I recovered loudly not wanting others to die in silence.
SHOULD YOU FIND YOURSELF EMOTIONALLY TRIGGERED BY THE ARTICLE BELOW, RESOURCES CAN BE FOUND -> HERE.



My first memory in life is at the age of two. It’s very vivid, as if it just happened yesterday. I was wearing these footed pajamas. They were the same color as my father’s truck and they zipped all the way up the front. I was holding on to my baby doll and sucking my thumb as I played in the bedroom with my brother and my father’s three older sons. They were visiting for the weekend.

My father was home. He was screaming in the next room for my mother to call the police. Someone was outside; they were stealing his light blue truck.

I heard my mother running down the steps to get to the phone.

I remember every little detail. The front door opening and then slamming against the bricks, the gun in my father’s hand, the gunshot, the police car, the glare of the blue and red lights, shining off the bedroom window. The sirens…. I remember it all very clearly. I remember, in the midst of the busyness, being lifted to the top bunk of the beds.

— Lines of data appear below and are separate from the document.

(* Let $\mathcal F$ be a linear subspace of $C(\mathbf X)$ equipped with a norm $\|\cdot\|_{\mathcal F}$ making it a Banach space, and suppose $$L:=\limsup_{\epsilon\to0}\frac{\mathcal H_\epsilon(U_{\mathcal F})}{\log(1/\epsilon)}\in(0,\infty).$$ There exists a strategy for Predictor such that for every $F\in\mathcal F$ there is $N_0$ (depending on $F$ but not on Reality's moves) such that for all $N\ge N_0$ and all moves of Reality $$\sum_{n=1}^N(y_n-\mu_n)^2\le\sum_{n=1}^N(y_n-F(x_n))^2+CL\log N,$$ where $C$ is a universal constant.
   Context: Protocol: $\mathbf X$ a nonempty topological space; at each round $n$ Reality announces $x_n\in\mathbf X$, Predictor announces $\mu_n\in\mathbb R$, Reality announces $y_n\in[-1,1]$; a strategy for Predictor maps each history $(x_1,y_1,\dots,x_{n-1},y_{n-1},x_n)$ to $\mu_n$. $C(\mathbf X)$: bounded continuous real functions on $\mathbf X$ with supremum norm. $U_{\mathcal F}=\{F\in\mathcal F:\|F\|_{\mathcal F}\le1\}$. $\mathcal H_\epsilon(A)$: $\log_2$ of the minimal number of points of $A$ forming an $\epsilon$-net for $A$ in the supremum metric of $C(\mathbf X)$. $\log=\log_2$. *)

(* with R := Stdlib's reals (a realType via Rstruct),
   so that the constant C is universal (does not depend on a choice of real field). *)
From HB Require Import structures.
From mathcomp Require Import all_boot all_order all_algebra.
From mathcomp Require Import all_classical all_reals all_analysis.
From mathcomp Require Import Rstruct Rstruct_topology.
Set Implicit Arguments. Unset Strict Implicit. Unset Printing Implicit Defensive.
Import Order.TTheory GRing.Theory Num.Theory.
Import numFieldNormedType.Exports.
Local Open Scope classical_set_scope.
Local Open Scope ring_scope.

Notation R := Rdefinitions.R.

Definition log2 (x : R) : R := ln x / ln 2.

Section Defs.
Variable X : topologicalType.

(* C(X): bounded continuous real functions on X *)
Definition bounded_continuous (f : X -> R) : Prop :=
  continuous f /\ exists M : R, forall x, `|f x| <= M.

Definition banach_subspace (F : set (X -> R)) (nF : (X -> R) -> R) : Prop :=
  [/\ (forall f, F f -> bounded_continuous f),
      F (fun _ => 0) /\
      (forall f g, F f -> F g -> F (fun x => f x + g x)) /\
      (forall (a : R) f, F f -> F (fun x => a * f x)),
      (forall f, F f -> nF f = 0 -> f = (fun _ => 0)) /\
      (forall (a : R) f, F f -> nF (fun x => a * f x) = `|a| * nF f) /\
      (forall f g, F f -> F g -> nF (fun x => f x + g x) <= nF f + nF g) &
      forall u : nat -> X -> R, (forall n, F (u n)) ->
        (forall e : R, 0 < e -> exists N : nat, forall m n : nat,
           (N <= m)%N -> (N <= n)%N -> nF (fun x => u m x - u n x) < e) ->
        exists f, F f /\ forall e : R, 0 < e -> exists N : nat, forall n : nat,
           (N <= n)%N -> nF (fun x => u n x - f x) < e].

Definition unit_ball (F : set (X -> R)) (nF : (X -> R) -> R) : set (X -> R) :=
  [set f | F f /\ nF f <= 1].

Definition is_net (A : set (X -> R)) (eps : R) (s : seq (X -> R)) : Prop :=
  (forall g, g \in s -> A g) /\
  forall f, A f -> exists2 g, g \in s & forall x, `|f x - g x| <= eps.

(* minimal number of points of A forming an eps-net of A (+oo if none finite) *)
Definition covnum (A : set (X -> R)) (eps : R) : \bar R :=
  ereal_inf [set (n%:R)%:E | n in [set n : nat | exists s, size s = n /\ is_net A eps s]].

Definition entropy (A : set (X -> R)) (eps : R) : \bar R :=
  match covnum A eps with
  | EFin n => (log2 n)%:E
  | +oo%E => +oo%E
  | -oo%E => -oo%E
  end.

Definition entropy_exponent (F : set (X -> R)) (nF : (X -> R) -> R) : \bar R :=
  limf_esup (fun eps : R => (entropy (unit_ball F nF) eps * (log2 (1 / eps))^-1%:E)%E)
            (0 : R)^'+.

I see it in color, the snap shots, like a video, playing over and over in my mind. The rush of emotions, played out in each scene, I can still conjure up what it felt like in that room. It’s still all to present in my mind, deep-rooted in my senses, the smells, the atmosphere, those around me, the conversations taking place, and me.

Up until that point, adults were good and evil didn’t exist.

I found security wrapped in a blanket, with my brother as my best friend but everything changed that night. My two-year old existence was devoured. It was ripped from the core of my being.

His claws; shredded me like barbed wire, when they grabbed me from behind. My flesh was left trembling in the confusion as my spirit laid; defeated by the fear.

I no longer belonged to me.

My voice was immediately silenced and the room became subdued. My childhood left abandoned to tragedy with a darkness that imprisoned my soul.

No memory precedes this night. No hugs, no kisses, no stories before bed. None.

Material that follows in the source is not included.